• EXERCISE INPUTS
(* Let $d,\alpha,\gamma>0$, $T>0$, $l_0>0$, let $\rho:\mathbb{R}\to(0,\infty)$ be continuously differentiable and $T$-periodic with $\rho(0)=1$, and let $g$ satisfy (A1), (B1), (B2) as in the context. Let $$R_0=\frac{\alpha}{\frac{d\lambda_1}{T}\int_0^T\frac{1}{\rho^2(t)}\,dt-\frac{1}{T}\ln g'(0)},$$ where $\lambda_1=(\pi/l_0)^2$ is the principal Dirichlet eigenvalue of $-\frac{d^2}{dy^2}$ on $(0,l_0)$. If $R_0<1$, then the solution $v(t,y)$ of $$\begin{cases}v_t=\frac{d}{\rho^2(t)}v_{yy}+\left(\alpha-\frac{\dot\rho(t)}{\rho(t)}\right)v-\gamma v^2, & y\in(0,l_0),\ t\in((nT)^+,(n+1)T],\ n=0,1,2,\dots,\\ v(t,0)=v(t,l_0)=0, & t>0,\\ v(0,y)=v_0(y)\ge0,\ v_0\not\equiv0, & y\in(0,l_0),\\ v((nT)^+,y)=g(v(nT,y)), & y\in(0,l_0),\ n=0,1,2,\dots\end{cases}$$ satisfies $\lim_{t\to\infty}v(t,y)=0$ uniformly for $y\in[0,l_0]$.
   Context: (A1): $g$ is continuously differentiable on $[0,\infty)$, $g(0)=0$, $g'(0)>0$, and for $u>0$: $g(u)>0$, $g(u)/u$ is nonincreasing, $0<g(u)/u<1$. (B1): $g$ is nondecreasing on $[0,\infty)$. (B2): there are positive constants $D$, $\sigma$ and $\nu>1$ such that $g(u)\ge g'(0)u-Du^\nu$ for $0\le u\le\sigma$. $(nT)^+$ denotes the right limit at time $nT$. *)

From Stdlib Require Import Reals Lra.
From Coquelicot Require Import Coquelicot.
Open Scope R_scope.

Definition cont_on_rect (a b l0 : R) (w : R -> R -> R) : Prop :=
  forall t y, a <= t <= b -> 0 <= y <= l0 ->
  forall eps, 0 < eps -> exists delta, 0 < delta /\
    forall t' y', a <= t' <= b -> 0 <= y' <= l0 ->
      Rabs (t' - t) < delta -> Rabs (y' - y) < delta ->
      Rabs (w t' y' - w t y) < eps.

---

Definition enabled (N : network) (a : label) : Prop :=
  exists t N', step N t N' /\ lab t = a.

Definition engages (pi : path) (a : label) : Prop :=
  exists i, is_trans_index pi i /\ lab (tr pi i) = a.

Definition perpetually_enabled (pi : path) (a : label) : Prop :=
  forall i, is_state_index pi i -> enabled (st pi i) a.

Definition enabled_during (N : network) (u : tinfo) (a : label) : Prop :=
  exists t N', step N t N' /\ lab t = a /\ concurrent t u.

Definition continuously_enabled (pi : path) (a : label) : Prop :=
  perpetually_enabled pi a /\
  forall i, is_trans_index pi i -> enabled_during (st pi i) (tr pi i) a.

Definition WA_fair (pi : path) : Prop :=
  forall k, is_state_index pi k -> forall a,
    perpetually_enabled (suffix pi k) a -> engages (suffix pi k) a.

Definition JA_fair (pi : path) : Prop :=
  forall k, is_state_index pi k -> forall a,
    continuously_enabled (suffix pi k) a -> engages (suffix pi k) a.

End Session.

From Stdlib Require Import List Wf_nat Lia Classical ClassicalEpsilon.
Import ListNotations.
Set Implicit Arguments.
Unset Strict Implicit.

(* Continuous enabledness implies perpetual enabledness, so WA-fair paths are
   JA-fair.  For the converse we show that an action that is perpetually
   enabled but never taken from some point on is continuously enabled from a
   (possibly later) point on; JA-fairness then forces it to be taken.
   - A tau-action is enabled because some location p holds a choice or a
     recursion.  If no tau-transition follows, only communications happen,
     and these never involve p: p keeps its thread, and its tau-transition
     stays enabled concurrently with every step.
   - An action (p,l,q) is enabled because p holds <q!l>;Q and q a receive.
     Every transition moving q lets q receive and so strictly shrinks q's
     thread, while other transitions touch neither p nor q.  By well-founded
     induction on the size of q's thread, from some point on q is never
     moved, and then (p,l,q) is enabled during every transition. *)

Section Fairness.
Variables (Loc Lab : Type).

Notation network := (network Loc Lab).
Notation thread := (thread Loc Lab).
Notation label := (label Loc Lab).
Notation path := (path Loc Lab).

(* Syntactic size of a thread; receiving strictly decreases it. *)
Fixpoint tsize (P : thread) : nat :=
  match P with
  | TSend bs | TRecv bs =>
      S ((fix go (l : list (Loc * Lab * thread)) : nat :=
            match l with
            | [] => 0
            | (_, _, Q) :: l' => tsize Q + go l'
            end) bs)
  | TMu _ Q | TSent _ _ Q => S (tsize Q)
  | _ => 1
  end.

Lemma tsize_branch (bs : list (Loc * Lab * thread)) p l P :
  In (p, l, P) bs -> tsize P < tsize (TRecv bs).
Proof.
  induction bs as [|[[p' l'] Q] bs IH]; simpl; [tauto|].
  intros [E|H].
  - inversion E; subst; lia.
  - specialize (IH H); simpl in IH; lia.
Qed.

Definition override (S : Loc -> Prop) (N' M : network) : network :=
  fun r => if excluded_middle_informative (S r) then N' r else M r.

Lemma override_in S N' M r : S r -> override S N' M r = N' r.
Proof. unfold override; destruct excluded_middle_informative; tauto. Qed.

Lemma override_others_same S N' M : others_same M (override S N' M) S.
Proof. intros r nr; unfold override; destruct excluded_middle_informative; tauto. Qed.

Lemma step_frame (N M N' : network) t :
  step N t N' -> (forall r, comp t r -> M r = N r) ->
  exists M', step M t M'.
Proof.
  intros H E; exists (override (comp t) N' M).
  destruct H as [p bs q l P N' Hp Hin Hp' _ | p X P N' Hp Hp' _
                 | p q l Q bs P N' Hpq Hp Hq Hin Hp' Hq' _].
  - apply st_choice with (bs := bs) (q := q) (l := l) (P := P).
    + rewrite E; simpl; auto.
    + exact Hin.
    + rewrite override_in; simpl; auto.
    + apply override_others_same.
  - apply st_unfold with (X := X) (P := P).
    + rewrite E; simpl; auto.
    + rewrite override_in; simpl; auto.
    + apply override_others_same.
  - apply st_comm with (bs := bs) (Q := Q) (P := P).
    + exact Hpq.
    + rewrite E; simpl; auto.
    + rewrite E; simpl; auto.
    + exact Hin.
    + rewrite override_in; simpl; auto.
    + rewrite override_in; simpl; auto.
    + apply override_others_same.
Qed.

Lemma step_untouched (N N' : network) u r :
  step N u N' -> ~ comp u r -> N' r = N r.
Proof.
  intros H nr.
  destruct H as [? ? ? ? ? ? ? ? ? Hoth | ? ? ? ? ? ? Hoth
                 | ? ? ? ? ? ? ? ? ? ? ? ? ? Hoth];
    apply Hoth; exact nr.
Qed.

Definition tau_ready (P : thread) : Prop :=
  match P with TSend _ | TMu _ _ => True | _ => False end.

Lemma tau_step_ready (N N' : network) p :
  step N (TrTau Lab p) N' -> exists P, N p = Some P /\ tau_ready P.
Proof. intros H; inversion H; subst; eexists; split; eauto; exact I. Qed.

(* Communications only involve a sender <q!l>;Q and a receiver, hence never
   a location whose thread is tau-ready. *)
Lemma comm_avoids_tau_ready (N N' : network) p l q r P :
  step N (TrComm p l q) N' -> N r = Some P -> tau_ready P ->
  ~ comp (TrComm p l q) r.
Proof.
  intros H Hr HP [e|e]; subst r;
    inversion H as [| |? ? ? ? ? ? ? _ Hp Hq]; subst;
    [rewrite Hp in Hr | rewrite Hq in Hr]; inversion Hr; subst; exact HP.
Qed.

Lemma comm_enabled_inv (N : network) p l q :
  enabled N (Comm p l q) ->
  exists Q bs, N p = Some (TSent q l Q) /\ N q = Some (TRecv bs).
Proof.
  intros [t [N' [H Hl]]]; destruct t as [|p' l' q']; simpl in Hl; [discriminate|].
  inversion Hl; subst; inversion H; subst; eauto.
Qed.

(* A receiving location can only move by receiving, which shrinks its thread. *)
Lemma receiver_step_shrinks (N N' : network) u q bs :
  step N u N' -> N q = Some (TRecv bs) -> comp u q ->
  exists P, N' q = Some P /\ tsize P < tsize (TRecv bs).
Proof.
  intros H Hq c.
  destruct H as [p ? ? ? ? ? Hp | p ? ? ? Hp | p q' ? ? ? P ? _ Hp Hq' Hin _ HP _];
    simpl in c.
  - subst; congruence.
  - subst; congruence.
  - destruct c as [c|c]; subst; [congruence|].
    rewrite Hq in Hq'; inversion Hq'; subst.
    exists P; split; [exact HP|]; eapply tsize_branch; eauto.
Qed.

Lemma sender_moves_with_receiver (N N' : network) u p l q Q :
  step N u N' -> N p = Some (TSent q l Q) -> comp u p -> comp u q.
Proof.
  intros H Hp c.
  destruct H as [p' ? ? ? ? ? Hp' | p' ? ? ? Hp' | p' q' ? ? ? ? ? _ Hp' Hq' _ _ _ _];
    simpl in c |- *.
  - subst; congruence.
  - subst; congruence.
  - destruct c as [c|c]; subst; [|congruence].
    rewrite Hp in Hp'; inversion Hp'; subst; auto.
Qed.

• TASK DESCRIPTION
Extract exactly and only the lines above from the line containing "- inversion E; subst; lia." through the line containing "Lemma override_others_same S", both end lines included.

• EXERCISE ANSWER
  - inversion E; subst; lia.
  - specialize (IH H); simpl in IH; lia.
Qed.

Definition override (S : Loc -> Prop) (N' M : network) : network :=
  fun r => if excluded_middle_informative (S r) then N' r else M r.

Lemma override_in S N' M r : S r -> override S N' M r = N' r.
Proof. unfold override; destruct excluded_middle_informative; tauto. Qed.

Lemma override_others_same S N' M : others_same M (override S N' M) S.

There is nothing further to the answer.